How Sex Was Explained To Me By My Peers In The Third Grade

shutter_kids whispering

Because I was a child in the era just short of having the internet available to me at all times, I had to learn about sex by culling small pieces of information from movies, romance novels that I found in my friends’ moms’ bookshelves, and from the bits of misinformation that my friends volunteered. The third grade was a particularly pivotal time in the expansion of my sexual knowledge, and three people in particular shaped my understanding of how to have intercourse.

Madison Cohen

I just want to first of all point out that Madison Cohen was a sexy damn third grader.

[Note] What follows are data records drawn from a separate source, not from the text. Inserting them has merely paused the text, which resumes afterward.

Definition ext01 (f : R -> R) (t : R) : R := f (clamp01 t).

Lemma clamp01_I01 (t : R) : I01 (clamp01 t).
Proof. unfold clamp01, I01, Rmax, Rmin; repeat destruct Rle_dec; lra. Qed.

Lemma clamp01_id (t : R) : I01 t -> clamp01 t = t.
Proof. unfold clamp01, I01, Rmax, Rmin; repeat destruct Rle_dec; lra. Qed.

Lemma clamp01_dist (t u : R) : Rabs (clamp01 t - clamp01 u) <= Rabs (t - u).
Proof.
  unfold clamp01, Rmax, Rmin; repeat destruct Rle_dec;
    unfold Rabs; repeat destruct Rcase_abs; lra.
Qed.

Lemma I01_0 : I01 0.
Proof. unfold I01; lra. Qed.

Lemma I01_1 : I01 1.
Proof. unfold I01; lra. Qed.

Lemma ext01_id (f : R -> R) (t : R) : I01 t -> ext01 f t = f t.
Proof. intros Ht. unfold ext01. rewrite clamp01_id by exact Ht. reflexivity. Qed.

Lemma deriv_on01_quotient (f f' : R -> R) (x eps : R) :
  deriv_on01 f f' -> I01 x -> 0 < eps ->
  exists delta, 0 < delta /\ forall t, I01 t -> t <> x -> Rabs (t - x) < delta ->
    Rabs ((f t - f x) / (t - x) - f' x) < eps.
Proof.
  intros Hf Hx Heps.
  destruct (proj1 (filterlim_locally _ _) (Hf x Hx) (mkposreal eps Heps)) as [delta Hdelta].
  exists delta; split; [apply cond_pos |].
  intros t Ht Htx Hdist. apply Hdelta; [exact Hdist | tauto].
Qed.

Lemma deriv_on01_cont (f f' : R -> R) : deriv_on01 f f' -> cont_on01 f.
Proof.
  intros Hf x Hx. apply filterlim_locally. intros eps.
  destruct (deriv_on01_quotient f f' x 1 Hf Hx Rlt_0_1) as [delta [Hdelta Hq]].
  set (M := Rabs (f' x) + 1).
  assert (HM : 0 < M) by (pose proof (Rabs_pos (f' x)); unfold M; lra).
  assert (Hr : 0 < Rmin delta (eps / M)).
  { apply Rmin_pos; [exact Hdelta | apply Rdiv_lt_0_compat; [apply cond_pos | exact HM]]. }
  exists (mkposreal _ Hr). intros t Hdist Ht. apply ball_Rabs.
  rewrite ball_Rabs in Hdist; simpl in Hdist.
  pose proof (Rmin_l delta (eps / M)). pose proof (Rmin_r delta (eps / M)).
  destruct (Req_dec t x) as [-> | Htx].
  { rewrite Rminus_diag, Rabs_R0. apply cond_pos. }
  pose proof (Hq t Ht Htx ltac:(lra)) as Hqt.
  set (q := (f t - f x) / (t - x)) in Hqt.
  assert (Hq_bound : Rabs q < M).
  { pose proof (Rabs_triang_inv q (f' x)). unfold M; lra. }
  replace (f t - f x) with (q * (t - x)) by (unfold q; field; lra).
  rewrite Rabs_mult.
  assert (Hepsm : M * (eps / M) = eps) by (field; lra).
  assert (Hd : Rabs (t - x) < eps / M) by lra.
  apply Rle_lt_trans with (M * Rabs (t - x)).
  - apply Rmult_le_compat_r; [apply Rabs_pos | lra].
  - rewrite <- Hepsm. apply Rmult_lt_compat_l; lra.
Qed.

Lemma cont_on01_ext01 (f : R -> R) (x : R) : cont_on01 f -> continuous (ext01 f) x.
Proof.
  intros Hf. apply (filterlim_comp _ _ _ clamp01 f _ (within I01 (locally (clamp01 x)))).
  - intros P [eps HP]. exists eps. intros t Ht. apply HP; [| apply clamp01_I01].
    rewrite ball_Rabs in Ht |- *. pose proof (clamp01_dist t x). lra.
  - apply Hf, clamp01_I01.
Qed.

Lemma deriv_on01_ext01 (f f' : R -> R) (x : R) :
  deriv_on01 f f' -> 0 < x < 1 -> is_derive (ext01 f) x (f' x).
Proof.
  intros Hf Hx. apply is_derive_Reals. intros eps Heps.
  destruct (deriv_on01_quotient f f' x eps Hf ltac:(unfold I01; lra) Heps)
    as [delta [Hdelta Hq]].
  assert (Hr : 0 < Rmin delta (Rmin x (1 - x))) by (repeat apply Rmin_pos; lra).
  exists (mkposreal _ Hr). intros h Hh Hdist; simpl in Hdist.
  pose proof (Rmin_l delta (Rmin x (1 - x))). pose proof (Rmin_r delta (Rmin x (1 - x))).
  pose proof (Rmin_l x (1 - x)). pose proof (Rmin_r x (1 - x)).
  pose proof (Rabs_def2 h (Rmin x (1 - x)) ltac:(lra)).
  unfold ext01. rewrite !clamp01_id by (unfold I01; lra).
  replace h with (x + h - x) at 2 by ring.
  apply Hq; [unfold I01; lra | lra | replace (x + h - x) with h by ring; lra].
Qed.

He rock climbed or some shit so he had fully developed abdominal muscles at age eight. This was very confusing for me, and I had weird sexy thoughts about him but didn’t know how to express them. I had this strange and inexplicable desire to touch his stomach and then play Jenga with him, and only him. Once, we both got sent out in the hallway for being disruptive in class (even though I was painfully shy, I still managed to talk back), and he showed me some pictures he had drawn of naked people. “Sex is touching boobies until milk comes out,” he told me. I didn’t look forward to this.

Julia Johnson

Julia Johnson had an older sister and arguably taught me the most accurate information about sex. Well, closest to the realm of accuracy. For instance, Julia Johnson explained to me, sort of, what a blowjob is. “You put his penis in your mouth and then he likes it.” “The whole thing, in my mouth? How?” I was completely incredulous. Julia, however, sagely and calmly responded with “Don’t worry, your mouth will get bigger before you have to do this.” I also want to point out that since there were two Julias at my elementary school, one was called “Hot Julia” and one was called “Funny Julia.” Guess which one I was?

Hannah Schwartz

I very clearly remember Hannah Schwartz sitting on my parents’ bed (we were watching a movie in their room, probably something weird like an old musical because Hannah wasn’t allowed to watch normal movies like Aladdin), when she and I began to discuss male-female interactions. She giggled and told me “The boy puts his wiener in the girl’s vagina and pees!” We laughed hysterically, and I wondered how the wiener got into the vagina, since as an eight-year-old I didn’t understand the mechanics of what was going on down there. Vagina versus vulva was a nuance that was lost to me. I also wondered how Hannah knew this, since there wasn’t any sex in musicals and I couldn’t figure out how she had come to this information.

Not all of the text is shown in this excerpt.